(Data entries)
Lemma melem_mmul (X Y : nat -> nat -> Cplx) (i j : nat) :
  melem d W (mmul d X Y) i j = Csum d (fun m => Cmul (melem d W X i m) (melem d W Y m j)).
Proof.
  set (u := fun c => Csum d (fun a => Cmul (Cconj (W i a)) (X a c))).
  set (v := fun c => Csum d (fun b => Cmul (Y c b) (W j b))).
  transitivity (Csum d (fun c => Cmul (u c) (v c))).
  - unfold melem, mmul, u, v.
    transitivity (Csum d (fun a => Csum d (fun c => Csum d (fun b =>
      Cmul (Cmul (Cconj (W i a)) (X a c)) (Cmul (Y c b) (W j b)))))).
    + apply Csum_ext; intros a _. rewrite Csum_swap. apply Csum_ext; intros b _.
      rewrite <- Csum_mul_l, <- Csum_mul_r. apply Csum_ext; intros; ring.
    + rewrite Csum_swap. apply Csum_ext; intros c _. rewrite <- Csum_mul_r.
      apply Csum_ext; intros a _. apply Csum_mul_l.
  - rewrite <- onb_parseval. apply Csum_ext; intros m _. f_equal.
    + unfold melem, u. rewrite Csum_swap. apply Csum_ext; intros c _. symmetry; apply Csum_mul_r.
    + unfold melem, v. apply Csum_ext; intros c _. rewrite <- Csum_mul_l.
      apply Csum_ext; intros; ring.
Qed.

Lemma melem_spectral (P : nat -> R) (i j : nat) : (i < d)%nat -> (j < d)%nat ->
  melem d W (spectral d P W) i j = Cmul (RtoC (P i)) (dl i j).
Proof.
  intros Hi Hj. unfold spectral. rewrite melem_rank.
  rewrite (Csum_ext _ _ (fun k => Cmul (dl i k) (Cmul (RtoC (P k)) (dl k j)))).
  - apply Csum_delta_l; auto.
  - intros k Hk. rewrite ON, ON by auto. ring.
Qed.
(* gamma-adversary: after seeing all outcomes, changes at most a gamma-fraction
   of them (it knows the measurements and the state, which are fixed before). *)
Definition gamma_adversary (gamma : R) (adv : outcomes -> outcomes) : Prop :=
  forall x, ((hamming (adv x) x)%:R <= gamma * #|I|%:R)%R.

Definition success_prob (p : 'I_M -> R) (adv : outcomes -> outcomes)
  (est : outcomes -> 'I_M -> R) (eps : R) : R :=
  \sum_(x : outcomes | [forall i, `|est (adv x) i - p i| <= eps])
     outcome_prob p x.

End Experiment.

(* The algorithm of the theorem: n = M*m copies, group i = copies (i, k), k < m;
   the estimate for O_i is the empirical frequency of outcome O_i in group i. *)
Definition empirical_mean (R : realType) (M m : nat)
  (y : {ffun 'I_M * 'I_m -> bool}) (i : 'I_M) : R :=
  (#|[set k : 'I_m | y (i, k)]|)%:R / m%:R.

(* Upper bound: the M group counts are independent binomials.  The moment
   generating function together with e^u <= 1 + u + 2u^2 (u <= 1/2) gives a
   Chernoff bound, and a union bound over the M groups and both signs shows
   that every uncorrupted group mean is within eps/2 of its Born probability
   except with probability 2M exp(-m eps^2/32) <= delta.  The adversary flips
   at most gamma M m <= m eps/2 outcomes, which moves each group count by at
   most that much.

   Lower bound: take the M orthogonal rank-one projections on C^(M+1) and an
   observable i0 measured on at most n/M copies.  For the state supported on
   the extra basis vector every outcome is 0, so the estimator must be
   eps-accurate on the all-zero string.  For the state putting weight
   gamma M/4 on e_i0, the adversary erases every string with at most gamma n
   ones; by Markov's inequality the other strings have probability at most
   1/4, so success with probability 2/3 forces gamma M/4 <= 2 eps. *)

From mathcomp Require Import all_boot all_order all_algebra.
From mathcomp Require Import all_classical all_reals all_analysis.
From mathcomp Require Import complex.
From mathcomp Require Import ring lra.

* * *

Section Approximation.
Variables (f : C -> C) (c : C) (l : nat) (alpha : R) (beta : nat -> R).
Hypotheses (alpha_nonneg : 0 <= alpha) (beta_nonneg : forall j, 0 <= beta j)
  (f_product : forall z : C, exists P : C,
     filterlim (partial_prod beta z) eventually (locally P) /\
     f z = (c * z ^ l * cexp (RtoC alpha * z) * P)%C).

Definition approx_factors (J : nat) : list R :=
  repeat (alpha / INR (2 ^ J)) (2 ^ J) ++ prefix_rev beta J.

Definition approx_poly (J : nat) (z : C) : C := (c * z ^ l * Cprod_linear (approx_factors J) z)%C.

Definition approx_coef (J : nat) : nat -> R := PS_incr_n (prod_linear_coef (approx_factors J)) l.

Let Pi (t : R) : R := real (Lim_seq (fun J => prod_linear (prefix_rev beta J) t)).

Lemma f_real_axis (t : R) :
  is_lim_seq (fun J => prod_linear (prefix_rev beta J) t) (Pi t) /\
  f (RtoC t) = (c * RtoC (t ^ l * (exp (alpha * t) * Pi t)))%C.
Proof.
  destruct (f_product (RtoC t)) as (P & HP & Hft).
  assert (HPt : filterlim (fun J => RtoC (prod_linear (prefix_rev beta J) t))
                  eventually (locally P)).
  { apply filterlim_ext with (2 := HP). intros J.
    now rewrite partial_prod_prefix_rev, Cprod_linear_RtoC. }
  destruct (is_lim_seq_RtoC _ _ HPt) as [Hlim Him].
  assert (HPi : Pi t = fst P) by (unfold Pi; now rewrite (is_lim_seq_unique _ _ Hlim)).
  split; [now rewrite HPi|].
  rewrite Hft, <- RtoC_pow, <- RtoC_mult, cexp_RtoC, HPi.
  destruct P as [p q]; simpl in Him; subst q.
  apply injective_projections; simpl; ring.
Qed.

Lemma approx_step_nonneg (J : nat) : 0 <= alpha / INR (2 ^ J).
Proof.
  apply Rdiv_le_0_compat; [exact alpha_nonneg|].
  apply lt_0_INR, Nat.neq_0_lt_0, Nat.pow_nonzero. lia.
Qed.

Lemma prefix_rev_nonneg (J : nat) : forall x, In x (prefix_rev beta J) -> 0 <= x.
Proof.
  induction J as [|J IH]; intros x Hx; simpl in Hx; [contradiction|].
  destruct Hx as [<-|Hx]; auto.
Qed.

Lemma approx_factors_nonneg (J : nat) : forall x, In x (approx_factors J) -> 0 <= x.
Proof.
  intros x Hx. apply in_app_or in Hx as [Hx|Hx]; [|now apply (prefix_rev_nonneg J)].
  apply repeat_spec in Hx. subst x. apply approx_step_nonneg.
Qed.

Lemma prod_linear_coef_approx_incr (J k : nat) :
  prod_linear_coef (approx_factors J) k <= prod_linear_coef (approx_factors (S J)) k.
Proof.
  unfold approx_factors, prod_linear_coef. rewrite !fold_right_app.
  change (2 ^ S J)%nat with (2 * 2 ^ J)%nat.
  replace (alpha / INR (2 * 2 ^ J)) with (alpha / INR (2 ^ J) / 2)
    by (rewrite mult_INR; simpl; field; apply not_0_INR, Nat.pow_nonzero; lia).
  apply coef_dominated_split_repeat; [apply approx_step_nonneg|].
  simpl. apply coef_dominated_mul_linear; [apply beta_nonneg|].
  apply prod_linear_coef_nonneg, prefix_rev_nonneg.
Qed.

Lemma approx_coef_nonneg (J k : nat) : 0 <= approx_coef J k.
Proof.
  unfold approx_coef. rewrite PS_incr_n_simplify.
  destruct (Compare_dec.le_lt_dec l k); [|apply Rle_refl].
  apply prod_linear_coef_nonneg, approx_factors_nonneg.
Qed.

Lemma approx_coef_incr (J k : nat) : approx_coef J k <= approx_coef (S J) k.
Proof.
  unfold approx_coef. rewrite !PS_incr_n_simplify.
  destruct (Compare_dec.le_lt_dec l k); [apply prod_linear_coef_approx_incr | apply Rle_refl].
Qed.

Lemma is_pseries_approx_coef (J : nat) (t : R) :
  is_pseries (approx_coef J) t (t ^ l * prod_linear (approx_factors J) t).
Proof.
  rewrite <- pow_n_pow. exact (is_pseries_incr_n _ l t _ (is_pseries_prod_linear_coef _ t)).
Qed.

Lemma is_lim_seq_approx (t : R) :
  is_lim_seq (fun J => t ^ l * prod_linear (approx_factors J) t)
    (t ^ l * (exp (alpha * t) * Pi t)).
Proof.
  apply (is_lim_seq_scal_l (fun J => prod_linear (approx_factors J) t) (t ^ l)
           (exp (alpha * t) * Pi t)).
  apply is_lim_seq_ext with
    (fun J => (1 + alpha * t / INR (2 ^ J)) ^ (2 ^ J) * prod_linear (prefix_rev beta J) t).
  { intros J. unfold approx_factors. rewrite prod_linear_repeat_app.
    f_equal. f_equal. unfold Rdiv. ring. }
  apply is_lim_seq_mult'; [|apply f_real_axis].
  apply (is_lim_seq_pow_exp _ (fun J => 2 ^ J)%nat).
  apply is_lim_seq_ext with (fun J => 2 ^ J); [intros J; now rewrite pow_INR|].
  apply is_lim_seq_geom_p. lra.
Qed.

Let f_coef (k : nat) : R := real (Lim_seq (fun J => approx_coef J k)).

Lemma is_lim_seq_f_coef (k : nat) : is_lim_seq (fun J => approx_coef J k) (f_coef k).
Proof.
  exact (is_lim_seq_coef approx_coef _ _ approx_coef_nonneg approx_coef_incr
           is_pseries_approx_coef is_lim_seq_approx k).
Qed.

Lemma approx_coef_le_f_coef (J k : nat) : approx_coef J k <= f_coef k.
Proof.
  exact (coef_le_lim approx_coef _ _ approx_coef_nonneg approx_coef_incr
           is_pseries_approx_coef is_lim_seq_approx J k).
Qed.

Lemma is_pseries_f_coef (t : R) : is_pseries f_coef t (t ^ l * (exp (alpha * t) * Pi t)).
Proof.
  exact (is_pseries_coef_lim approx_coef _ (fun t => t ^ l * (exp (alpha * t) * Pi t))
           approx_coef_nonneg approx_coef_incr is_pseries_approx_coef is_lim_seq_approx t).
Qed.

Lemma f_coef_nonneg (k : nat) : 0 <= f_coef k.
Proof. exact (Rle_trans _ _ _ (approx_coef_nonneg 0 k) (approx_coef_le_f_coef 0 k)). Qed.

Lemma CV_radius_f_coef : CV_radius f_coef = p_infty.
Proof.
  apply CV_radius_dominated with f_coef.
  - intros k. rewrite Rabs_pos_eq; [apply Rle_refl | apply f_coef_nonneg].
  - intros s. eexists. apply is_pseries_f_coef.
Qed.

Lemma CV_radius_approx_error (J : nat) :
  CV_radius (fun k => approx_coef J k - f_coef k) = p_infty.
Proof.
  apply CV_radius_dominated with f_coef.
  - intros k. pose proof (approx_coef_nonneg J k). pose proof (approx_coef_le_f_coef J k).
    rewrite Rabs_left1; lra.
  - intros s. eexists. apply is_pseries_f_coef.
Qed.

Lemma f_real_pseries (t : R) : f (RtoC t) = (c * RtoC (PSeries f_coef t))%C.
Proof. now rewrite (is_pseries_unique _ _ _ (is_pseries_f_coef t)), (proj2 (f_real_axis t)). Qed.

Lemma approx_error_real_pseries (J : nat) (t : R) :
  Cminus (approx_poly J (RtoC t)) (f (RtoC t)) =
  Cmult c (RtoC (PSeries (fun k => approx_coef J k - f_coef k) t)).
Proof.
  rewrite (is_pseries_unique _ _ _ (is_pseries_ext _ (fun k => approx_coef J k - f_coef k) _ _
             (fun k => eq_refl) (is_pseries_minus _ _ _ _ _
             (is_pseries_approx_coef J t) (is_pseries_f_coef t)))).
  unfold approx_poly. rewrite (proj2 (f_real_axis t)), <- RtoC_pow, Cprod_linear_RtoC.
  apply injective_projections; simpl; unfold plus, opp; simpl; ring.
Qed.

--

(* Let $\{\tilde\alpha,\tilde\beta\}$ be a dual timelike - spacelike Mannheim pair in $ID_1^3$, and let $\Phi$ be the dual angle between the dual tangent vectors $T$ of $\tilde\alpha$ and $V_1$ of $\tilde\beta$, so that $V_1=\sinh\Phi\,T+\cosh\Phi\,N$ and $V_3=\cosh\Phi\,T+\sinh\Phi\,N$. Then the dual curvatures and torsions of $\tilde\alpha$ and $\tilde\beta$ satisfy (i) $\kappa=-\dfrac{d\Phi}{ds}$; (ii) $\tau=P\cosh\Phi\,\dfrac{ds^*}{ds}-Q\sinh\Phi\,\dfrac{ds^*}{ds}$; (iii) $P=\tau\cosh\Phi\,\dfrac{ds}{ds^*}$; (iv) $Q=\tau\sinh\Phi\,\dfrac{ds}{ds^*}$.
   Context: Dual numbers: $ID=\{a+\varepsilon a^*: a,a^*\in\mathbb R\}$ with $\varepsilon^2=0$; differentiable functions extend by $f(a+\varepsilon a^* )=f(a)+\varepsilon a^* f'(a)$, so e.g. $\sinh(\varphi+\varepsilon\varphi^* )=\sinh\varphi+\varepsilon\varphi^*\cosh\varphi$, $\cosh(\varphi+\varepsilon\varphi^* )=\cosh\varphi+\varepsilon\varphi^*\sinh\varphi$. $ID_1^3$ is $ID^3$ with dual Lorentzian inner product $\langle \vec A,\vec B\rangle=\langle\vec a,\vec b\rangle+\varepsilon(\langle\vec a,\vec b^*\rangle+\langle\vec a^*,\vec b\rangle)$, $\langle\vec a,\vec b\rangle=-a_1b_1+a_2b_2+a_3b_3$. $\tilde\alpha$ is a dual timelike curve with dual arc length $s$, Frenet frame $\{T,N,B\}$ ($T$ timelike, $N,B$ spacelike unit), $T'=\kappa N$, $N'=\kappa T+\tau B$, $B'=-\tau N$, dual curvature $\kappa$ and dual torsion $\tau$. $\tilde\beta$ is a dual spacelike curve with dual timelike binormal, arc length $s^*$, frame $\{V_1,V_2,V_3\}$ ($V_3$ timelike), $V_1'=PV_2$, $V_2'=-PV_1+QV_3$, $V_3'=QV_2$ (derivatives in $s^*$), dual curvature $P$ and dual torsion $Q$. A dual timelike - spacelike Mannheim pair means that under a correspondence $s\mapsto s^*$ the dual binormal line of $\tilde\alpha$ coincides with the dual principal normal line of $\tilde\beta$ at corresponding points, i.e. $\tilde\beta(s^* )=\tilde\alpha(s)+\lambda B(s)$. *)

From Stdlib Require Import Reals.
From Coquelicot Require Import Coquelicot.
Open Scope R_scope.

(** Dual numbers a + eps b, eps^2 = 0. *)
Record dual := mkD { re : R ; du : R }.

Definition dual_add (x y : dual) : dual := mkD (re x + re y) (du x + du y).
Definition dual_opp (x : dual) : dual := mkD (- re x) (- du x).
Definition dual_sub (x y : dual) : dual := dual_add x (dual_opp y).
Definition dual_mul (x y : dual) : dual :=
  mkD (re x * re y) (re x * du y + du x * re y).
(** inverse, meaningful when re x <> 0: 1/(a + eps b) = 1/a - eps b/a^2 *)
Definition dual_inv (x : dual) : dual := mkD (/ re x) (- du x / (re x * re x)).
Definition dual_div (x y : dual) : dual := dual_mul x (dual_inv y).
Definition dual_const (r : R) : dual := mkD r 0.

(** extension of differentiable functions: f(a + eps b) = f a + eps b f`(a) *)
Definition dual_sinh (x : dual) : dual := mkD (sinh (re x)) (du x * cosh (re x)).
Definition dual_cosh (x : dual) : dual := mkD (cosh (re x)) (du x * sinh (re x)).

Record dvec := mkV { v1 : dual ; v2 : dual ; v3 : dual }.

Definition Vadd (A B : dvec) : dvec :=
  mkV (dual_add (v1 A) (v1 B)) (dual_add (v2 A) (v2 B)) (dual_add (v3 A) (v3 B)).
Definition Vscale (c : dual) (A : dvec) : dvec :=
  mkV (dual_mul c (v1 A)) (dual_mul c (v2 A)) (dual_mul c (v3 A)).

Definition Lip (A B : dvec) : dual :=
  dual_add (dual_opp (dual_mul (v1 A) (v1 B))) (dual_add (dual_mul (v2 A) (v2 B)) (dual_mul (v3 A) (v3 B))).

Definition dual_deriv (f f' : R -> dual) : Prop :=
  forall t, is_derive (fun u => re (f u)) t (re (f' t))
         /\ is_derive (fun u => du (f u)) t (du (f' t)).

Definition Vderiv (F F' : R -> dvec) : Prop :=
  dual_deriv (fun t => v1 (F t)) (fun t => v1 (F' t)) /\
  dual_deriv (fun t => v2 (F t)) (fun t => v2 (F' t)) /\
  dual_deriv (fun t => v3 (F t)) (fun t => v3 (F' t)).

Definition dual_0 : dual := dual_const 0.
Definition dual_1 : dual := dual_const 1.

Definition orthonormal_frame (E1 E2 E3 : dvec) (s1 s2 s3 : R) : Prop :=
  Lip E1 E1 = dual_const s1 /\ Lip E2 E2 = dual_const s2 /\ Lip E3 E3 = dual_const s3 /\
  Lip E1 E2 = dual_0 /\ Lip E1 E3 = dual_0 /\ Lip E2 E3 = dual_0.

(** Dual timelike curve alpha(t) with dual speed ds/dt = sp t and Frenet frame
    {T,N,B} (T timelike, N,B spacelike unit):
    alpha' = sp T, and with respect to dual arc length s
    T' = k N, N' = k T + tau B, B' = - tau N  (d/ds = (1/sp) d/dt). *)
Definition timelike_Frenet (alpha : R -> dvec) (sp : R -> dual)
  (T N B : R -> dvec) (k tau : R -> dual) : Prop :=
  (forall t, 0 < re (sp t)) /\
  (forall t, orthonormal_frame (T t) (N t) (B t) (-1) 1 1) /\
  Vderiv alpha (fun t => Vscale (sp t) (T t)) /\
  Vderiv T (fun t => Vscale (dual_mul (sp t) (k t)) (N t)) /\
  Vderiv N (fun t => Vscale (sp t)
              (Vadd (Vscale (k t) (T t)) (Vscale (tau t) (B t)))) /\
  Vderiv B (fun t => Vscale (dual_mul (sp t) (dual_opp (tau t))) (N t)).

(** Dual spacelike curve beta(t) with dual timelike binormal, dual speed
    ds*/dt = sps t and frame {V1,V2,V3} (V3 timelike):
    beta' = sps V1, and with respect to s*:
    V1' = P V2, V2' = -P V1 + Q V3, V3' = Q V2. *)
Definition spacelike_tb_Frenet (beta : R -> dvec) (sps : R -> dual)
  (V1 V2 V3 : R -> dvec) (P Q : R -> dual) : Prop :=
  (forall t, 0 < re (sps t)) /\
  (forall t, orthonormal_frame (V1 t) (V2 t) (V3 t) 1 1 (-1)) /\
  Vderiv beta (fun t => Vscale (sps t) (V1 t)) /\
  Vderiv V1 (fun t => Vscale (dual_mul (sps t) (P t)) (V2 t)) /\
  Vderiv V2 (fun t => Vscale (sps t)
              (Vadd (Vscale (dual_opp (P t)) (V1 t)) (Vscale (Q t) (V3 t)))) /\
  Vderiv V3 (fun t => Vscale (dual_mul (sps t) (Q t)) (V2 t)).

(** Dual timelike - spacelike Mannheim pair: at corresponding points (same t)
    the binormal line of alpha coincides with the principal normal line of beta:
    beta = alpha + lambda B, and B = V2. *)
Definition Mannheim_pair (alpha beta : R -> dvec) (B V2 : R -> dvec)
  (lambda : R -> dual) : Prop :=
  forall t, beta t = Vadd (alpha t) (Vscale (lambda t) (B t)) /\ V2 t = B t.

**Task prompt**:
The lines to copy are those above that contain "Record".

**Response area**:
Record dual := mkD { re : R ; du : R }.
Record dvec := mkV { v1 : dual ; v2 : dual ; v3 : dual }.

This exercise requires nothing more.